Tuesday, March 24, 2009

is it really only tuesday - - cripes

the last two days have lasted forever and yet been so pointless. still sick.

i don't really have anything going on in my head - i've ceased to have thoughts. i just have formless anxeity. i'm not unhappy i just have so fucking much to do and i have been too sick and lethargic to do it. trying to talk myself out of stressing may in fact be counterproductive.

so, i guess i'll tell you one of those things about the grieving that i have been holding back. i am obsessed with the last moments of gideon's life. consumed with what went through his head; also there is the . . . well, one of the things was . . . in the last few months of his life i woul dget these random emails from him 'when are you coming to see me'. and there were a few of times i tried to call him but he didn't answer. and there were a couple of times i tried to will him to call me. now, i don't know how you feel about such things but i had a friend that i used to try to will to do stuff and he would actually report being effected. i'm not going to walk you through that right now though. take it at face value.

so the night gideon died. in fact, while he was dying i was driving home from my mother's. i can't remember whether i tried to call him or to will him to call me that night. i worry that i did that i might have averted his attention. in fact when i got home i remember having this weird idea that he had deleted me from his friends list on myspace and looking him up to see if he had been on lately - if he had deleted me. btw, the whole 'did i avert his attention'. i don't really blame myself (well, not in that way). i mean, we all have cell phones. you call someone you have no idea if they are driving; walking; fucking - - whatever. we'll get into the ways i do actually blame myself some other time.

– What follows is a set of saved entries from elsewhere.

(* An idempotent unital commutative semiring is fully elementary if and only if it is Frobenius.
   Context: A semiring $(X,+,0,\cdot)$: $(X,+,0)$ commutative monoid, $(X,\cdot)$ semigroup, distributivity, $0$ absorbing. Unital: has a multiplicative unit; idempotent: $x+x=x$ for all $x$. $X$ is Frobenius if $(x+y)^n=x^n+y^n$ for all $x,y\in X$ and all integers $n\ge1$. Polynomials in $n$ variables are functions $X^n\to X$ represented by formal expressions $\sum_{k} a_k\prod_{j=1}^n x_j^{d_{k,j}}$ ($a_k\in X$). A polynomial is symmetric if represented by an expression which, with each monomial $a_k\prod_j x_j^{d_{k,j}}$, contains all monomials $a_k\prod_j x_{\sigma(j)}^{d_{k,j}}$, $\sigma\in S_n$. $e_j$ is the sum of all products of $j$ distinct variables among $x_1,\dots,x_n$. $X$ is $n$-elementary if every symmetric polynomial $p$ in $n$ variables equals $r(e_1,\dots,e_n)$ (as functions on $X^n$) for some polynomial $r$; fully elementary if $n$-elementary for all $n\in\mathbb{N}$. *)

From HB Require Import structures.
From mathcomp Require Import all_boot all_order all_algebra all_fingroup.
Set Implicit Arguments. Unset Strict Implicit. Unset Printing Implicit Defensive.
Import GRing.Theory.
Local Open Scope ring_scope.

(* Semirings: MathComp's comPzSemiRingType is exactly a commutative unital
   semiring (commutative additive monoid, associative commutative
   multiplication with unit, distributivity, 0 absorbing). *)

Section Defs.
Variable X : comPzSemiRingType.

Definition idempotent_sr : Prop := forall x : X, x + x = x.

Definition frobenius : Prop :=
  forall (x y : X) (n : nat), (0 < n)%N -> (x + y) ^+ n = x ^+ n + y ^+ n.

(* A formal polynomial expression in n variables: a finite list of
   monomials (a_k, d_k), with coefficient a_k and exponent vector d_k. *)
Definition pexpr (n : nat) := seq (X * {ffun 'I_n -> nat}).

Definition peval (n : nat) (p : pexpr n) (x : 'I_n -> X) : X :=
  \sum_(m <- p) (m.1 * \prod_(j < n) x j ^+ m.2 j).

(* The monomial a * prod_j x_(s j)^(d j) has exponent d (s^-1 i) at x_i. *)
Definition perm_mono (n : nat) (s : 'S_n) (m : X * {ffun 'I_n -> nat}) :
    X * {ffun 'I_n -> nat} :=
  (m.1, [ffun i => m.2 (s^-1%g i)]).

Definition sym_pexpr (n : nat) (p : pexpr n) : Prop :=
  forall m, m \in p -> forall s : 'S_n, perm_mono s m \in p.

(* Elementary symmetric polynomial e_j (j = 1..n, indexed by j.-1 : 'I_n). *)
Definition esym (n : nat) (x : 'I_n -> X) (j : nat) : X :=
  \sum_(S : {set 'I_n} | #|S| == j) \prod_(i in S) x i.

Definition elem_vec (n : nat) (x : 'I_n -> X) : 'I_n -> X :=
  fun j => esym x j.+1.

Definition n_elementary (n : nat) : Prop :=
  forall p : pexpr n, sym_pexpr p ->
    exists r : pexpr n, forall x : 'I_n -> X,
      peval p x = peval r (elem_vec x).

Definition fully_elementary : Prop := forall n : nat, n_elementary n.

End Defs.

From Pilot Require Import Defs.
From mathcomp Require Import all_boot all_order all_algebra all_fingroup.
From mathcomp Require Import ring.
Set Implicit Arguments. Unset Strict Implicit. Unset Printing Implicit Defensive.
Import GRing.Theory.
Local Open Scope ring_scope.

(* In an idempotent semiring, [a <=: b := a + b = b] is a partial order
   compatible with [+] and [*], for which sums are least upper bounds.
   The Frobenius identity gives [u^a v^(b+1) <=: u^(a+1) v^b + v^(a+1) u^b]
   for [b <= a]; repeated exchanges of this kind show that the orbit sum
   (sum over all permutations of the variables) of the monomial with exponent
   [d + 1_S], where [S] carries the largest exponents of [d], is the orbit sum
   of [d] times [e_|S|].  Peeling off supports, every orbit sum is a monomial
   in [e_1, ..., e_n], and a symmetric expression is a combination of orbit
   sums.  Conversely, [x1^k + x2^k] takes the value [(u+v)^k] at [(u+v, 0)] and
   [u^k + v^k] at [(u, v)], while every [e_j] at [(u+v, 0)] is below its value
   at [(u, v)]; so [(u+v)^k <=: u^k + v^k], and the converse inequality always
   holds. *)

Section IdempotentSemiring.
Variable X : comPzSemiRingType.
Hypothesis idem : idempotent_sr X.

Definition idem_le (a b : X) := a + b = b.
Local Notation "a <=: b" := (idem_le a b) (at level 70).

Lemma ile_refl a : a <=: a. Proof. exact: idem. Qed.

Lemma ile_trans a b c : a <=: b -> b <=: c -> a <=: c.
Proof. by rewrite /idem_le => hab hbc; rewrite -hbc addrA hab. Qed.

Lemma ile_anti a b : a <=: b -> b <=: a -> a = b.
Proof. by rewrite /idem_le => hab hba; rewrite -hba addrC hab. Qed.

Lemma ile0 a : 0 <=: a. Proof. by rewrite /idem_le add0r. Qed.

Lemma ile_addl a b : a <=: a + b. Proof. by rewrite /idem_le addrA idem. Qed.

Lemma ile_addr a b : b <=: a + b. Proof. by rewrite addrC; apply: ile_addl. Qed.

Lemma ile_add a b c : a <=: c -> b <=: c -> a + b <=: c.
Proof. by rewrite /idem_le => hac hbc; rewrite -addrA hbc hac. Qed.

Lemma ile_add2 a b c d : a <=: b -> c <=: d -> a + c <=: b + d.
Proof.
by move=> hab hcd; apply: ile_add;
  [apply: ile_trans hab (ile_addl _ _) | apply: ile_trans hcd (ile_addr _ _)].
Qed.

Lemma ile_mull a b c : a <=: b -> c * a <=: c * b.
Proof. by rewrite /idem_le => hab; rewrite -mulrDr hab. Qed.

Lemma ile_mulr a b c : a <=: b -> a * c <=: b * c.
Proof. by rewrite /idem_le => hab; rewrite -mulrDl hab. Qed.

Lemma ile_mul2 a b c d : a <=: b -> c <=: d -> a * c <=: b * d.
Proof. by move=> hab hcd; apply: ile_trans (ile_mull a hcd) (ile_mulr d hab). Qed.

Lemma ile_expn a b k : a <=: b -> a ^+ k <=: b ^+ k.
Proof.
move=> hab; elim: k => [|k IHk]; first by rewrite !expr0; apply: ile_refl.
by rewrite !exprS; apply: ile_mul2.
Qed.

Lemma ile_sum I (r : seq I) (P : pred I) (F : I -> X) c :
  (forall i, P i -> F i <=: c) -> \sum_(i <- r | P i) F i <=: c.
Proof.
by move=> hF; apply: (big_ind (idem_le^~ c));
  [apply: ile0 | move=> ? ? /= ha hb; apply: ile_add ha hb |].
Qed.

Lemma ile_sum_term (I : eqType) (r : seq I) (P : pred I) (F : I -> X) i :
  i \in r -> P i -> F i <=: \sum_(j <- r | P j) F j.
Proof.
elim: r => // j r IHr; rewrite inE big_cons => /orP[/eqP <- | ir] Pi.
  by rewrite Pi; apply: ile_addl.
by case: ifP => _; [apply: ile_trans (IHr ir Pi) (ile_addr _ _) | apply: IHr].
Qed.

here's the thing; well, things - i have been on a motorcycle when gideon almost wiped out. it was fall '86. when i tell you that i don't know how we weren't smeared across the pavement like melted butter. had we so much as moved a pinky differently . . . if our elbows had been out a little more we would have lost our arms. it happened because gideon turned around to laugh with me about idk scaring me maybe. and because he was turned away from the pavement he never saw how close we came. and even if he had he would have underplayed it. honestly i wasn't really scared either. i have gone back to that countless times through the years. it was one of those moments that your mind takes a snapshot of. go forward four years i am in my senior year in college / gideon is living in nebraska. i get a "letter" from him. it was actually a notebook - he wrote an ongoing letter to me. most of it he wrote while he was recuperating - from what you ask? - flipping over the handlebars of his bicycle and breaking his clavicle. he wrote a short story about it; wry humor - about the road being drunk. the turning point of the narrative is his last thoughts before hitting the ground. i guess - well, what i really guess is that is all i can type for now. i suppose i should say more - i'm kinda leaving all this without a narrative or analysis but i'm worn out.

sorry

Nobody deserves a mime

1 comment:

I'm Scooter, but I might be a troll. said...

Keep writing, and I will keep reading.